Each time when you want to run my code, simply activate the environment by

conda activate Attention_AD
conda deactivate(If you want to exit) 

Usage

python3 main.py -h:
  -h, --help            show this help message and exit
  -F F                  input path records sequences information
  --mode MODE           0: Predict for a sequence
  -M M                  model saving path
  --gpu GPU             gpu id choose for training
  --class CLASS         number of classes
  --batch_size BATCH_SIZE
                        batch size for training
  --num_workers NUM_WORKERS
                        number of data loading workers
  --seq_len SEQ_LEN     verify the number of elements in sequence

1. Evaluate the sequence attention and positive/negative

python3 main.py --mode=0 -F=[input_seq_path] -M=[model_path] --gpu=[gpu_id] --class=2 --batch_size=[batch_size]

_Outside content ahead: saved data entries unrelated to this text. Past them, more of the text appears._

(* Let $\mathbb{X}$ be a finite set, $\mathcal{H}_A$ a Hilbert space of finite dimension $d_A$, $\{\rho_A^x\}_{x\in\mathbb{X}}$ density operators on $\mathcal{H}_A$, $U_\theta$ a unitary on $\mathcal{H}_A$, $O=\{O_c\}_c$ a POVM on $\mathcal{H}_A$ with finitely many outcomes, and $p\in[0,1]$. Let $\mathcal{D}_{p,d_A}(\rho)=\frac{p}{d_A}I+(1-p)\rho$ and \[ \Gamma(\mathcal{D}_{p,d_A})=\max_{x\in\mathbb{X}}\sum_c\big|\operatorname{tr}(O_cU_\theta\rho_A^xU_\theta^\dagger)-\operatorname{tr}(O_c\mathcal{D}_{p,d_A}(U_\theta\rho_A^xU_\theta^\dagger))\big|. \] Then, writing $\mathcal{D}_{p,d_A}(\rho_A)$ for the family $\{\mathcal{D}_{p,d_A}(\rho_A^x)\}_{x\in\mathbb{X}}$, \[ \mathcal{B}(X\rightarrow A)_{\mathcal{D}_{p,d_A}(\rho_A)}\leq\mathcal{R}(X\rightarrow A)_{\mathcal{D}_{p,d_A}(\rho_A)}\leq\log\Big((1-2d_A)+\frac{4d_A}{\Gamma(\mathcal{D}_{p,d_A})}\Big), \] with the right-hand side interpreted as $+\infty$ when $\Gamma(\mathcal{D}_{p,d_A})=0$.
   Context: All logarithms are base 2. For a density operator $\rho$ and positive semi-definite $\sigma$, $\widetilde{D}_\infty(\rho\|\sigma)=\log\inf\{\mu\in\mathbb{R}:\rho\leq\mu\sigma\}$ ($+\infty$ if $\operatorname{supp}\rho\not\subseteq\operatorname{supp}\sigma$). For a family $\{\tau^x\}_{x\in\mathbb{X}}$ of density operators, $\mathcal{B}=\min_{\pi\in\Delta(\mathbb{X})}\max_x\widetilde{D}_\infty(\tau^x\|\sum_{x'}\pi(x')\tau^{x'})$ (with $\Delta(\mathbb{X})$ the probability mass functions on $\mathbb{X}$) and $\mathcal{R}=\max_{x,x'}\widetilde{D}_\infty(\tau^x\|\tau^{x'})$. *)

From HB Require Import structures.
From mathcomp Require Import all_boot all_order all_algebra.
From mathcomp Require Import boolp classical_sets reals constructive_ereal ereal exp.
From mathcomp.real_closed Require Import complex.
Set Implicit Arguments. Unset Strict Implicit. Unset Printing Implicit Defensive.
Import Order.TTheory GRing.Theory Num.Theory.
Local Open Scope ring_scope.

Section QDefs.
Variable R : realType.
Local Notation C := R[i].

Definition log2 (x : R) : R := ln x / ln 2.

Definition adjmx m n (A : 'M[C]_(m, n)) : 'M[C]_(n, m) := (map_mx (@conjc R) A)^T.

(** positive semi-definite: v^dagger A v >= 0 (real and nonnegative) for all v *)
Definition psd n (A : 'M[C]_n) : Prop :=
  forall v : 'cV[C]_n, 0 <= (adjmx v *m A *m v) 0 0.

Definition loewner_le n (A B : 'M[C]_n) : Prop := psd (B - A).

Definition density n (rho : 'M[C]_n) : Prop := psd rho /\ \tr rho = 1.

Definition unitary n (U : 'M[C]_n) : Prop := U *m adjmx U = 1%:M.

Definition povm n (K : finType) (O : K -> 'M[C]_n) : Prop :=
  (forall c, psd (O c)) /\ \sum_c O c = 1%:M.

(** supp rho subset of supp sigma  <=>  ker sigma subset of ker rho (sigma psd) *)
Definition supp_sub n (rho sigma : 'M[C]_n) : Prop :=
  forall v : 'cV[C]_n, sigma *m v = 0 -> rho *m v = 0.

Definition Dmax n (rho sigma : 'M[C]_n) : \bar R :=
  if `[< supp_sub rho sigma >] then
    (log2 (inf [set mu : R | loewner_le rho ((mu%:C)%C *: sigma)]))%:E
  else +oo%E.

Definition pmf (X : finType) (pi : X -> R) : Prop :=
  (forall x, 0 <= pi x) /\ \sum_x pi x = 1.

Definition Bquant (X : finType) n (tau : X -> 'M[C]_n) : \bar R :=
  ereal_inf [set (\big[maxe/-oo%E]_x Dmax (tau x) (\sum_x' ((pi x')%:C)%C *: tau x'))
            | pi in [set pi : X -> R | pmf pi]].

Definition Rquant (X : finType) n (tau : X -> 'M[C]_n) : \bar R :=
  \big[maxe/-oo%E]_x \big[maxe/-oo%E]_x' Dmax (tau x) (tau x').

Definition depol n (p : R) (rho : 'M[C]_n) : 'M[C]_n :=
  ((p / n%:R)%:C)%C%:M + ((1 - p)%:C)%C *: rho.

Definition Gamma (X : finType) (K : finType) n (p : R) (rho : X -> 'M[C]_n)
    (U : 'M[C]_n) (O : K -> 'M[C]_n) : R :=
  \big[Order.max/0]_x \sum_c
     Normc.normc (\tr (O c *m (U *m rho x *m adjmx U))
                  - \tr (O c *m depol p (U *m rho x *m adjmx U))).

End QDefs.

From HB Require Import structures.
From mathcomp Require Import all_boot all_order all_algebra.
From mathcomp Require Import boolp classical_sets reals constructive_ereal ereal exp.
From mathcomp.real_closed Require Import complex.
From mathcomp Require Import ring lra.
Import Order.TTheory GRing.Theory Num.Theory.
Set Implicit Arguments. Unset Strict Implicit. Unset Printing Implicit Defensive.
Local Open Scope ring_scope.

Here [input_seq_path] is a path records the sequence input path, where each line records a sequence; [model_path] is the pretrained model path, here our pretrained model is saved in [best_model/attention_model.pth.tar]; [gpu_id] specifies the gpu id to use for inference; [batch_size] is the batch size for deep learning model, whose default value is 256.

Example

Input File

txt file that each line records a sequence with length of 30.

Output File

1 aa_feature.npy: A npy file records the feature representation of each sequence, following the same order of the input txt file. 2 Report.txt: a text file includes 4 columns, 1st column is the sequence, 2nd column is the attention weight for each amino acid, 3rd column is the probablity value predicted by model, and 4th column is the output label(positive/negative).

Running Command Example

python3 main.py --mode=0 -F=example/input_seq.txt -M=best_model/attention_model.pth.tar --gpu=0 --class=2

The example input sequence txt is included in input, where the 1st line is positive example while 2nd line is the negative example. Our detailed results are saved in Output.